- Muchas gracias por venir. Esto es todo por hoy. Ya se puede retirar- me dijeron.
Y salí, vagabundeando por el corredor, distante de todo. Al cabo de un rato llegué a casa. Desde la puerta ya se degustaba esa fragancia a frambuesas que había en el interior.
- Julio, ¿cómo te fue? – preguntó María.
- La verdad que bien, fue simple, un trámite más. Común y corriente, con la sencillez que imaginaba. Me hicieron unas preguntas, respondí todo de la mejor manera posible, completé una planilla con mis datos y bueno, me dijeron que eso era todo.
Dejé el saco colgado en el perchero, me desanude la corbata y me senté contra la ventana, en el sillón que trajo el abuelo de su casa cuando se mudó. Esperaba recostado el llamado a la mesa para comer, mirando los pájaros jugar en el patio. Era esa imagen la que me hacía recordar mis tardes en la plaza, corriendo por ahí con los chicos del barrio, o quizá los paseos de la mano del abuelo Pocho, que me acompañaba tantas tardes a darle de comer a las palomas de la fuente.
Como sabía que todavía faltaba para disfrutar de los ñoquis del 29, aproveché para viajar por los recuerdos en un sueño. Escuchando de fondo en un radio Spika un viejo vals me decía “Borracho de pasión, / y ciego de querer, / se lanza a tu atracción / sin ver que más que un alma / en ti, mujer, hay un vals.” Me dormité por un rato. Los tangos seguían pasando por la radio, pero los oía allá en lo lejos, porque mi sueño estaba más cerca. Eran la música de fondo que acompañaba a mis imágenes flotando en el viento. Y ahí me di cuenta que nada está tan lejos ni tan cercano como parece. Uno esta aquí y en el otro lado al mismo tiempo.
Así fue como de pronto iba corriendo hasta la puerta, ansioso por la llegada del tío de España. Tenía 8 años por ese entonces. Los pantalones cortos y la camisa blanca, gastada. Los zapatos lustrados, los tiradores marrones que habían sido de Aníbal y la vieja arreglo para mí, porque se podían seguir usando.
Ese día lo tengo muy presente, porque fue cuando tuve mi primer auto de juguete. El tío me lo trajo de su viaje. Era todo de madera, rojo con las ruedas bien pintadas en negro…
- ¡Julio! ¡Ya está todo en la mesa! Podés venir a comer. ¡Dejá de dormir que después la noche se te hace larga! -.
Me rompió la ilusión de regresar 17 años atrás. La ilusión de volver al abril de 1946. Con ese grito me despertó y mi auto quedó olvidado en el piso del zaguán.
Sentado en la mesa, estaba listo para comer. María me sirvió un poco de ñoquis.
-¿Querés una presa de pollo? Hoy Doña Josefa me pidió que le diera una mano para correr la cama de su pieza, y viste como es ella, pobre… si no querés recibir lo que te da por ayudarla, se enoja. Me dio un pollo que andaba atrás, en el gallinero.
Mientras comía no podía dejar de pensar en ese recuerdo que había tenido en el sillón. Hace tantos años que no veo el auto rojo, que quedó con una rueda menos. Hacía tanto que no lo tenía presente.
Cuando terminé el almuerzo me fui otra vez al sillón, para reencontrarme con mi baúl imaginario lleno de recuerdos. Pensaba que hay cosas que te hacen más querendón. Hay momentos en la vida que te hacen valoras ciertos detalles, y yo veía que tantas tardes vacías, habían quedado vacías por mi simple inactividad y por la falta de mi auto rojo.

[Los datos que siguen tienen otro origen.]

Lemma exp_term_sumMB (K : numFieldType) (x y : K) N :
  (\sum_(k < N) exp_term x k) * (\sum_(k < N) exp_term y k) - \sum_(k < N) exp_term (x + y) k
  = \sum_(j < N) \sum_(l < N | (N <= j + l)%N) exp_term x j * exp_term y l.
Proof.
have sum_exp_term z : exp_partial (1 : K^o) z N = \sum_(k < N) exp_term z k.
  by apply: eq_bigr => k _; rewrite expr1n; exact: mulr1.
rewrite -!sum_exp_term exp_partialMB; apply: eq_bigr => j _; apply: eq_bigr => l _.
by rewrite expr1n; exact: mulr1.
Qed.

Section MatrixBound.
Variables (K : numFieldType) (n : nat).
Implicit Types A : 'M[K]_n.

Definition mx_abs_sum A : K := \sum_i \sum_j `|A i j|.

Lemma mx_abs_sum_ge0 A : 0 <= mx_abs_sum A.
Proof. by rewrite sumr_ge0 // => i _; rewrite sumr_ge0. Qed.

Lemma row_abs_sum_le A i : \sum_j `|A i j| <= mx_abs_sum A.
Proof.
by rewrite /mx_abs_sum [leRHS](bigD1 i) //= lerDl sumr_ge0 // => i' _; rewrite sumr_ge0.
Qed.

Lemma norm_mxX_le A k i j : `|(A ^+ k) i j| <= mx_abs_sum A ^+ k.
Proof.
elim: k i j => [|k IH] i j.
  by rewrite !expr0 mxE; case: (i == j); rewrite ?normr1 ?normr0.
rewrite exprS -mulmxE mxE.
apply: le_trans (ler_norm_sum _ _ _) _.
apply: le_trans (_ : \sum_l `|A i l| * mx_abs_sum A ^+ k <= _).
  by apply: ler_sum => l _; rewrite normrM ler_wpM2l.
by rewrite -mulr_suml exprS ler_wpM2r ?exprn_ge0 ?mx_abs_sum_ge0 ?row_abs_sum_le.
Qed.

Lemma norm_exp_term_mxX_le A x k i j :
  `|exp_term x k * (A ^+ k) i j| <= exp_term (`|x| * mx_abs_sum A) k.
Proof.
by rewrite normrM norm_exp_term exp_termMr ler_wpM2l ?exp_term_ge0 ?norm_mxX_le.
Qed.

End MatrixBound.

Lemma exp_partial_mxE (K : fieldType) n (A : 'M[K]_n.+1) x N i j :
  exp_partial A x N i j = \sum_(k < N) exp_term x k * (A ^+ k) i j.
Proof. by rewrite summxE; apply: eq_bigr => k _; rewrite mxE. Qed.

Volví a jugar a las baldosas rotas. Me embarré, mamá me puso cara fea y el viejo me regañó. Entré a la casa otra vez, porque ya era tarde y teníamos que cenar. Papá, Mamá, Aníbal, el auto y yo. No quería soltarlo por nada, me acompañaba a todos lados. Pero de golpe, el auto se escapó de mi falda, papá se enojó mucho. Mientras se comía no se hablaba, no se jugaba, sólo se comía. Me agarró el auto, lo metió en su bolsillo y se fue. No volví a verlo más. El auto de madera se fue para siempre.
- Papá, papá. ¡Mirá lo que me dio el abuelo recién! ¡Mi primer auto, papá! -.
- ¿A ver hijo? ¿Qué pasó? Estaba descansando en el sillón, ¿no te diste cuenta? -.
El auto de madera, ese que me alegro años atrás estaba de nuevo en casa, pero ya no era mío. Pablito, mi hijo, era su nuevo dueño. Seguía igual, sin esa rueda y con el barro de ayer. Levanté la mirada. Lo vi a papá orgulloso, feliz, contento, mirándome con ternura. Y a Pablito también.
- Mientras se come no se habla, no se juega, sólo se come – me dijo.